TASK OBJECTIVE: Return, from the listing below, each line where the word "induction" appears.

*** Opening STORED DATA ***

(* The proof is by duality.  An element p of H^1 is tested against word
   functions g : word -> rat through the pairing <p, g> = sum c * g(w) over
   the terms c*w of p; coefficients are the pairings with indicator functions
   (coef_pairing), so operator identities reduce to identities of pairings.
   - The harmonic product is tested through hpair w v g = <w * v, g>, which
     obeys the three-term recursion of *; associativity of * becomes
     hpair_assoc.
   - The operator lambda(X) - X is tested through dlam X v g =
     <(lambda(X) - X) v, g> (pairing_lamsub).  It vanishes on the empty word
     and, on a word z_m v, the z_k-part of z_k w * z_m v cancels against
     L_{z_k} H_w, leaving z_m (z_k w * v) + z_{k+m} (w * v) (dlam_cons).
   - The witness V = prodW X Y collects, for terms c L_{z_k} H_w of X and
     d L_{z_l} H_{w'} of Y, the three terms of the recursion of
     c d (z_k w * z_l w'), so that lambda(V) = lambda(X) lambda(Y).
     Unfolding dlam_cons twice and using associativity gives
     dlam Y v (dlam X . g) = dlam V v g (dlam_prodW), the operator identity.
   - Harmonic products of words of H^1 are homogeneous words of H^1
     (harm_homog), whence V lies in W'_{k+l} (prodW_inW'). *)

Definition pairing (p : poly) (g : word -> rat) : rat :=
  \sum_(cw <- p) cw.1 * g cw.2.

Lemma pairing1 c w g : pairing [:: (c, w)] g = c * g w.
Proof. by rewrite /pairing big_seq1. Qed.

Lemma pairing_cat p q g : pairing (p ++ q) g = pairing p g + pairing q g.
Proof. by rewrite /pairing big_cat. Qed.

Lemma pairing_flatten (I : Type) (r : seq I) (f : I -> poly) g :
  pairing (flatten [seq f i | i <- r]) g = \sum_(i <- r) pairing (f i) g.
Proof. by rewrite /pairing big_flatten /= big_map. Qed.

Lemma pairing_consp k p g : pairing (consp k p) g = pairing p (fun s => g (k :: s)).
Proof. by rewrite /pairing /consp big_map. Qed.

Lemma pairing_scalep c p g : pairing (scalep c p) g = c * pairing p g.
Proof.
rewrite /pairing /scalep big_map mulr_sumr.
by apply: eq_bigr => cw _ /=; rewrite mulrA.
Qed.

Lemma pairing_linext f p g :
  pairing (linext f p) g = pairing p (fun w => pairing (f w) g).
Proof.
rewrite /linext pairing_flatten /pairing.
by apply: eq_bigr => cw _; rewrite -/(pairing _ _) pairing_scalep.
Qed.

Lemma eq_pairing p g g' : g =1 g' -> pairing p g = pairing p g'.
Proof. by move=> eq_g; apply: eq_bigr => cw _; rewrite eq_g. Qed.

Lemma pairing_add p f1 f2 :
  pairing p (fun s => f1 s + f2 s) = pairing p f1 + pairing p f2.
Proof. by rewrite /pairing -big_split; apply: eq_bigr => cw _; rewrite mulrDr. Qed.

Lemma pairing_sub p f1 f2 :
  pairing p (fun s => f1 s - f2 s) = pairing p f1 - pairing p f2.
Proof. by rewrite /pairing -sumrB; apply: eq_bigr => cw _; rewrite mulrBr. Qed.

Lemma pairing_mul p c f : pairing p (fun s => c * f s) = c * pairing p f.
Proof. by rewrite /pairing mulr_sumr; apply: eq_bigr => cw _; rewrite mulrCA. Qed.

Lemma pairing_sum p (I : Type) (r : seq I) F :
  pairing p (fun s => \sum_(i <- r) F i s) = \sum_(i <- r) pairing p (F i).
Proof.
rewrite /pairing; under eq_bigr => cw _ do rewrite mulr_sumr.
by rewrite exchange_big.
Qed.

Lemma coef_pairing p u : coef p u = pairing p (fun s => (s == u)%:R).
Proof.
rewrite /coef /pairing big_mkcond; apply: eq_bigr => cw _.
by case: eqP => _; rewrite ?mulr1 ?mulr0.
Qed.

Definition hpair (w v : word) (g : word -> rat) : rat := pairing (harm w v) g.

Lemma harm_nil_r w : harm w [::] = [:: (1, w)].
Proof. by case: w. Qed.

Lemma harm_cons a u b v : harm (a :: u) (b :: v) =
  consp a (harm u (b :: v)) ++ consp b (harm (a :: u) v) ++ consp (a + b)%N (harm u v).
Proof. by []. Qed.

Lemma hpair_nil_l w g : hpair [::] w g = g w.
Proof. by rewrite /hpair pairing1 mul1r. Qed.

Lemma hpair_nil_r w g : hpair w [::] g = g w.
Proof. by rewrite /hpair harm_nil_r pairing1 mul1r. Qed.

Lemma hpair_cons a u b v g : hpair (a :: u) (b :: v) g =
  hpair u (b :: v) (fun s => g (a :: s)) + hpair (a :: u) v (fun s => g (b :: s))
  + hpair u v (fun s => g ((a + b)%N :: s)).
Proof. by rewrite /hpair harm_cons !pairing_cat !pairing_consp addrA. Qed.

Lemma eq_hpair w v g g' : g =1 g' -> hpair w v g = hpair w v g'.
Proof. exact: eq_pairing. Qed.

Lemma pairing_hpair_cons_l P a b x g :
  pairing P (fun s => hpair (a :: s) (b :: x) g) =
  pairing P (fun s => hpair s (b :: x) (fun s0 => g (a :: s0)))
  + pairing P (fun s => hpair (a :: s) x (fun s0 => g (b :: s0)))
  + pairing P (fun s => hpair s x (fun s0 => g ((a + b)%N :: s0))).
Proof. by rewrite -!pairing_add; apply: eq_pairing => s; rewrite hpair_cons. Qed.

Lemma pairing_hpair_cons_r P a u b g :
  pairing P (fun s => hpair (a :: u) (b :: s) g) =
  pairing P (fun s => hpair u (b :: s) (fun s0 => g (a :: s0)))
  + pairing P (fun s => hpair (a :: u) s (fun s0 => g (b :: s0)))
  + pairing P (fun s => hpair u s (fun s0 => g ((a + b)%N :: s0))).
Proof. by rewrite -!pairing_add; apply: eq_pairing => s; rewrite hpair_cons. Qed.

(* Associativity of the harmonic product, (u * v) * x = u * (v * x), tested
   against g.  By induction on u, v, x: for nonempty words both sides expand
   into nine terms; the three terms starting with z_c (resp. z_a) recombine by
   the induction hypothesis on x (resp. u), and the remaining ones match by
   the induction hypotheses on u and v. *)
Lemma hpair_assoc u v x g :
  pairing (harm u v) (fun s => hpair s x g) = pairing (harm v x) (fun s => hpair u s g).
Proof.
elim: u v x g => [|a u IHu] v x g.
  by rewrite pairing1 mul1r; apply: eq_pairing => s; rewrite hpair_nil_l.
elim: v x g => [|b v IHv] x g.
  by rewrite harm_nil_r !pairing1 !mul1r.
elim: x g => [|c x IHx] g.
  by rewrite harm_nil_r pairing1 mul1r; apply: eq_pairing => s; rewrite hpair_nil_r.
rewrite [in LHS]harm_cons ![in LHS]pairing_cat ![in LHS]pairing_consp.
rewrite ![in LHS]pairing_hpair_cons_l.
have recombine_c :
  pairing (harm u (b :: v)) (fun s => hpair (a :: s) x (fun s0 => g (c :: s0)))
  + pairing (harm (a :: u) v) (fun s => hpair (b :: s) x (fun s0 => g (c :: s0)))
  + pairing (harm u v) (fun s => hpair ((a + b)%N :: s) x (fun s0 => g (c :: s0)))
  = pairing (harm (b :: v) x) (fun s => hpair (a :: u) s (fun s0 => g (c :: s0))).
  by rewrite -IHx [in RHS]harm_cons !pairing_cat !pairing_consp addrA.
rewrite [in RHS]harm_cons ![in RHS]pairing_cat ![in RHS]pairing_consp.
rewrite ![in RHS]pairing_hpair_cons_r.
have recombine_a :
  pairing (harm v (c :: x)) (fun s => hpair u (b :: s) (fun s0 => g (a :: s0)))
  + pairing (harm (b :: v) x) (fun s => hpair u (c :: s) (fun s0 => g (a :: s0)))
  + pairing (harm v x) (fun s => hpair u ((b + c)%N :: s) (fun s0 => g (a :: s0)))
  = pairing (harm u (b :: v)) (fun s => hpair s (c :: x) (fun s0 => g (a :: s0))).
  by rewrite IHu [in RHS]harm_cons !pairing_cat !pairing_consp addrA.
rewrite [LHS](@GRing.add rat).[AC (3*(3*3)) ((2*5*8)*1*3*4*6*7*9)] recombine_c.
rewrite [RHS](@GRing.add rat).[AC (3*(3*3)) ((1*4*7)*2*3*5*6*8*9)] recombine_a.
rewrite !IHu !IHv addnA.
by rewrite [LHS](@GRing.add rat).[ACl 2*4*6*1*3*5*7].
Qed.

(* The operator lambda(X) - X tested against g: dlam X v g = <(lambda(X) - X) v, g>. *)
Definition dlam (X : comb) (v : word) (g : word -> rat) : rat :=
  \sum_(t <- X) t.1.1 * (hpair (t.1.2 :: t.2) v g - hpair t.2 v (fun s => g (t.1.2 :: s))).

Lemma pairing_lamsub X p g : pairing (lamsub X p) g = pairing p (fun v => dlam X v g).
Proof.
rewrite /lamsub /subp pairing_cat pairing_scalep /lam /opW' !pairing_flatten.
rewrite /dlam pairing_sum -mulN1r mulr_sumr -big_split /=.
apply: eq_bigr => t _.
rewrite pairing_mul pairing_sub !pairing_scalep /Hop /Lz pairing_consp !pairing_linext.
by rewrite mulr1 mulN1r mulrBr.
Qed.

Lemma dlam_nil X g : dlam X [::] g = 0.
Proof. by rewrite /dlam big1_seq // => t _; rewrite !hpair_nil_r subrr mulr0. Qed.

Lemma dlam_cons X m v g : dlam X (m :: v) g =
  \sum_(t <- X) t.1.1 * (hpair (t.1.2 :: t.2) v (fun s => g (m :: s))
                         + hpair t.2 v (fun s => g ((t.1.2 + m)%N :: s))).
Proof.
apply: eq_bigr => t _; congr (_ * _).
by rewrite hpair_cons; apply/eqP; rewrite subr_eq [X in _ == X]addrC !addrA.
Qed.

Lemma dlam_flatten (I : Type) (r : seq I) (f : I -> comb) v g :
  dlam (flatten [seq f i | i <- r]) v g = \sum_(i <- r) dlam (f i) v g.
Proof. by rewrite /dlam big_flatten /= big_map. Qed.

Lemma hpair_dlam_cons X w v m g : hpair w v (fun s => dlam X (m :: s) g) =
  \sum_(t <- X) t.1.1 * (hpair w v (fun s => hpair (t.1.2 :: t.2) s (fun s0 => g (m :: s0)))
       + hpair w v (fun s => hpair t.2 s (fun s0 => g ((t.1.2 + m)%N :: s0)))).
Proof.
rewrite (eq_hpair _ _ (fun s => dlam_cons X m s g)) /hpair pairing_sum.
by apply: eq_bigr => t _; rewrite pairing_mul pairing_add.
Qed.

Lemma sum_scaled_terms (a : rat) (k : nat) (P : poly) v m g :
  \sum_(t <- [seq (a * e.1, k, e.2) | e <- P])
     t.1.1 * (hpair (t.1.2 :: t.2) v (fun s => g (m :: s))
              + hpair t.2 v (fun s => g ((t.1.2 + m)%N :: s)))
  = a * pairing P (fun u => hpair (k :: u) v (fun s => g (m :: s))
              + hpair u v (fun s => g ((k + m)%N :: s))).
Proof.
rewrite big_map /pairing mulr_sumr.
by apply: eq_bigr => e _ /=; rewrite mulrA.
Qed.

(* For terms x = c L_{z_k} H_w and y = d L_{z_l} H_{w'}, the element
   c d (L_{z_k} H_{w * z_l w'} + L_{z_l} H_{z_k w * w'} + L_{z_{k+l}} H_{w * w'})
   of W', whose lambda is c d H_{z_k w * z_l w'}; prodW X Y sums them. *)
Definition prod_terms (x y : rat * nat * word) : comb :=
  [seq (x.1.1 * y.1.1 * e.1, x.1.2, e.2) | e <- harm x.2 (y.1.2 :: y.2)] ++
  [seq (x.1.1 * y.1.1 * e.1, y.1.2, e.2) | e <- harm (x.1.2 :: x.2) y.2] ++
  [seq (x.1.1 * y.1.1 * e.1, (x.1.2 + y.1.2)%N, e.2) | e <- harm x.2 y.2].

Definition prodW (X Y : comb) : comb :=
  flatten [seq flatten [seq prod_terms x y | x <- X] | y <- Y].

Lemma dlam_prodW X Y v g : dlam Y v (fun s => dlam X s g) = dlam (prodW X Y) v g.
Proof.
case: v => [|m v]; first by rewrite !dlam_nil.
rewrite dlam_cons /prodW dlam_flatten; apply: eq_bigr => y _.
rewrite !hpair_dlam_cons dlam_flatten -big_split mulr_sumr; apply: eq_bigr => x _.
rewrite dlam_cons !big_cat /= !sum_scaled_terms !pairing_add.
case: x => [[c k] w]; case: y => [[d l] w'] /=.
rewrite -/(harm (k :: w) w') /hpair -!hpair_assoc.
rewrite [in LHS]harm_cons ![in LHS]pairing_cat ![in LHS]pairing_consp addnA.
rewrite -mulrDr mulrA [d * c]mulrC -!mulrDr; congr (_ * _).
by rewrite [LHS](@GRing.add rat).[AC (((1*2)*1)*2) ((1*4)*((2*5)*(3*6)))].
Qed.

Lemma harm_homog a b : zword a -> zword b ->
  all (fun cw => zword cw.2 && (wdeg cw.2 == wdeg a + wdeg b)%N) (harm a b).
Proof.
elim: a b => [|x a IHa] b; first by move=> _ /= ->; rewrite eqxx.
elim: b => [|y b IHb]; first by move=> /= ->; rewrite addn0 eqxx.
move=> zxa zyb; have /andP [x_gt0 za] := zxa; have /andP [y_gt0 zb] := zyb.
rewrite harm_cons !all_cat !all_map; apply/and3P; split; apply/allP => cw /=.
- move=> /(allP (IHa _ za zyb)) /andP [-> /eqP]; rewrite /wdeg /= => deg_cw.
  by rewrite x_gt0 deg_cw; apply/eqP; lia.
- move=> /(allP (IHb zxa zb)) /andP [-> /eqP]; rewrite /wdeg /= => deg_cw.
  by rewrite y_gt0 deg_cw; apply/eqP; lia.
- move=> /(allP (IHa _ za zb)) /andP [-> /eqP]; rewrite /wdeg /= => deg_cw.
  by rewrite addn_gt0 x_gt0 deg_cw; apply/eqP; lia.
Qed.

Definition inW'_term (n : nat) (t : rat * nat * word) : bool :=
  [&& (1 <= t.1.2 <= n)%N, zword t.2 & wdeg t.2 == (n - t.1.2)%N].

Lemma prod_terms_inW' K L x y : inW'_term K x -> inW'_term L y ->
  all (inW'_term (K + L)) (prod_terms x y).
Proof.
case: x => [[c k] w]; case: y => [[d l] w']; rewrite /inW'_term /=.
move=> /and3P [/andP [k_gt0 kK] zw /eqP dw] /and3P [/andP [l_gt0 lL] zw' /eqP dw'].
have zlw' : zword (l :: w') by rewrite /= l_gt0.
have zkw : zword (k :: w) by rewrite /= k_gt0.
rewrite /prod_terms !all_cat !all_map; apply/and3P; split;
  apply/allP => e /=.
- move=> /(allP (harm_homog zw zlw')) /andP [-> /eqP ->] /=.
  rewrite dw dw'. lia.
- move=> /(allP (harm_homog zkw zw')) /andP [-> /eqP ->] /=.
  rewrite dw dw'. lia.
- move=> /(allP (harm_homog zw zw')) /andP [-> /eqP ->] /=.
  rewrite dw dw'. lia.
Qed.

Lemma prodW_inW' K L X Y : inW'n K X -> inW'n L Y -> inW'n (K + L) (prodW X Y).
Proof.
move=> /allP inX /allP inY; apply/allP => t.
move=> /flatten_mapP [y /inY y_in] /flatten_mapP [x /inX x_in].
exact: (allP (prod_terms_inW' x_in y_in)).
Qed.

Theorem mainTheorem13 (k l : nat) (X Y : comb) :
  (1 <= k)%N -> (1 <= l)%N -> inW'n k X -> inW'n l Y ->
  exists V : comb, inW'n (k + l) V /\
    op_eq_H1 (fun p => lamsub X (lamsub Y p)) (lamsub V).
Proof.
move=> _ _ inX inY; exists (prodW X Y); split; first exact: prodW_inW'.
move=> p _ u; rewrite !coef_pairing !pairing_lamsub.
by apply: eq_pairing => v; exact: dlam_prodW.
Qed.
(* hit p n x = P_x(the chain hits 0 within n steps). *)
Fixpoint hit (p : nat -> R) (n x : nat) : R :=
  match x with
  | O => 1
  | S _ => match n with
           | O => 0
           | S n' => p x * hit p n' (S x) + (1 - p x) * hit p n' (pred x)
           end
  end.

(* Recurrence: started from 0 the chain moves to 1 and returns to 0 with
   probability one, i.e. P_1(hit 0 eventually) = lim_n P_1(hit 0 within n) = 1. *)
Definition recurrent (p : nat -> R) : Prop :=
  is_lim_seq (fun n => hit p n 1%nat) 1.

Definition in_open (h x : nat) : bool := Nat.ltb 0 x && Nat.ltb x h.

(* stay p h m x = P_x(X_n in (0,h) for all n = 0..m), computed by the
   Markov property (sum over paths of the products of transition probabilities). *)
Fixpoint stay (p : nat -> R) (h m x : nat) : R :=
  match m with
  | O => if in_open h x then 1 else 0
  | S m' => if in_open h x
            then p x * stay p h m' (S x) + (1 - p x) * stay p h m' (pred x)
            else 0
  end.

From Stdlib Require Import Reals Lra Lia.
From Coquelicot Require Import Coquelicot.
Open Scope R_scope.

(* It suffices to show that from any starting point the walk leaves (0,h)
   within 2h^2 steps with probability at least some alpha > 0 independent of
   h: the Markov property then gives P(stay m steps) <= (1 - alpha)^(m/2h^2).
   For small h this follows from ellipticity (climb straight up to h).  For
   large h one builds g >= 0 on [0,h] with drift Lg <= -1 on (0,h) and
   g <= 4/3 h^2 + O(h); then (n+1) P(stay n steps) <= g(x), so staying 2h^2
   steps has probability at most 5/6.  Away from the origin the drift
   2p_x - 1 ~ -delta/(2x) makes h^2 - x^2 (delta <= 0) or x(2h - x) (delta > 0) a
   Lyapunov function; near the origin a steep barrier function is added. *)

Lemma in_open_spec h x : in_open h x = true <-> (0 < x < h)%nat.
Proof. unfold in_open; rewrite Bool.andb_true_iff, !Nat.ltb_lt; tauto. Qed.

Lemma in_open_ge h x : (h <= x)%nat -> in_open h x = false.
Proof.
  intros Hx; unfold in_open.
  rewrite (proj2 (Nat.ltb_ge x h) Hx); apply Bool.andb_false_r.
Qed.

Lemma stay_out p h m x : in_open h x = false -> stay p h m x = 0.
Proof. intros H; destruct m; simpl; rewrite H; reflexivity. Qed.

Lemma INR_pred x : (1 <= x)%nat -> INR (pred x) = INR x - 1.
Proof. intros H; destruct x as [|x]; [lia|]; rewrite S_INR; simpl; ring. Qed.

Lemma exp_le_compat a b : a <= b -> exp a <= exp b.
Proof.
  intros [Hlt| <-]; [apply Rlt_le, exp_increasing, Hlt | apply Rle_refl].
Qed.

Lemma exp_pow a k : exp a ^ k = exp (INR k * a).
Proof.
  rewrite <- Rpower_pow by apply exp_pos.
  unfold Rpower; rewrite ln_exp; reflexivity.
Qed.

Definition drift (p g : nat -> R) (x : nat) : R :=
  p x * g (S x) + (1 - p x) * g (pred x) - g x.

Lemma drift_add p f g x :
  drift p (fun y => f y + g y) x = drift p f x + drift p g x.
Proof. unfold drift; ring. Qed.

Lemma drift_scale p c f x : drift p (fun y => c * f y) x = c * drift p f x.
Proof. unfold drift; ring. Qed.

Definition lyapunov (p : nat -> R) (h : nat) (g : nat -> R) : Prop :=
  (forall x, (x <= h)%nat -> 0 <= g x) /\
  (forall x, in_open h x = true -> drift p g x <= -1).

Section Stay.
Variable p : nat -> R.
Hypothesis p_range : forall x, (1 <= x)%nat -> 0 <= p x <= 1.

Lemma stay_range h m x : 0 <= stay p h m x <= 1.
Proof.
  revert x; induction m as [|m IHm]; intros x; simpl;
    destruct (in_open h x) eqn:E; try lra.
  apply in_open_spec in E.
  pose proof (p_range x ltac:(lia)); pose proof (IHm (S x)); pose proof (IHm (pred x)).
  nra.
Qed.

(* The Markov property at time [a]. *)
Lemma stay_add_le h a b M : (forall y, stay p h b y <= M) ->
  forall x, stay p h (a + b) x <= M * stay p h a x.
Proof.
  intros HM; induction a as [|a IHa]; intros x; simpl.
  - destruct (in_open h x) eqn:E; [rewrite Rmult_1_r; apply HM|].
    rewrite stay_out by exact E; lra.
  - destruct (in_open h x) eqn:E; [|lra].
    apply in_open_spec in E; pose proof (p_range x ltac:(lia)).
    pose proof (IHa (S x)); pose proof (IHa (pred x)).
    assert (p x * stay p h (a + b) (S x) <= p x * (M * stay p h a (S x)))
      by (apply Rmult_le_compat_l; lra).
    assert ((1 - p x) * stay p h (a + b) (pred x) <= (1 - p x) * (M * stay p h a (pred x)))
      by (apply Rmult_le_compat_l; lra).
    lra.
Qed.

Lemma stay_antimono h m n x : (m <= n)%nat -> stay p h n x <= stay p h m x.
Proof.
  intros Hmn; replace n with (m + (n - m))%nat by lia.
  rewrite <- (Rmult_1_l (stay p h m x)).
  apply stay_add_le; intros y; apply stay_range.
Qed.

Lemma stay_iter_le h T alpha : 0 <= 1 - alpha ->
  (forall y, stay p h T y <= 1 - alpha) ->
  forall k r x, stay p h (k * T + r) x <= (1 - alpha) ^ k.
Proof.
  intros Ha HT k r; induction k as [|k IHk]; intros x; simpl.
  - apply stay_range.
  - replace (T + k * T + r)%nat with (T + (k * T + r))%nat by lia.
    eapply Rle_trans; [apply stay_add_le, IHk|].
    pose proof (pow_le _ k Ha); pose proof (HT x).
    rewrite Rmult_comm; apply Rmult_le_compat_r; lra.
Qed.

*** Closing STORED DATA ***

TASK RESULT:
   against g.  By induction on u, v, x: for nonempty words both sides expand
   the induction hypothesis on x (resp. u), and the remaining ones match by
   the induction hypotheses on u and v. *)
  revert x; induction m as [|m IHm]; intros x; simpl;
  intros HM; induction a as [|a IHa]; intros x; simpl.
  intros Ha HT k r; induction k as [|k IHk]; intros x; simpl.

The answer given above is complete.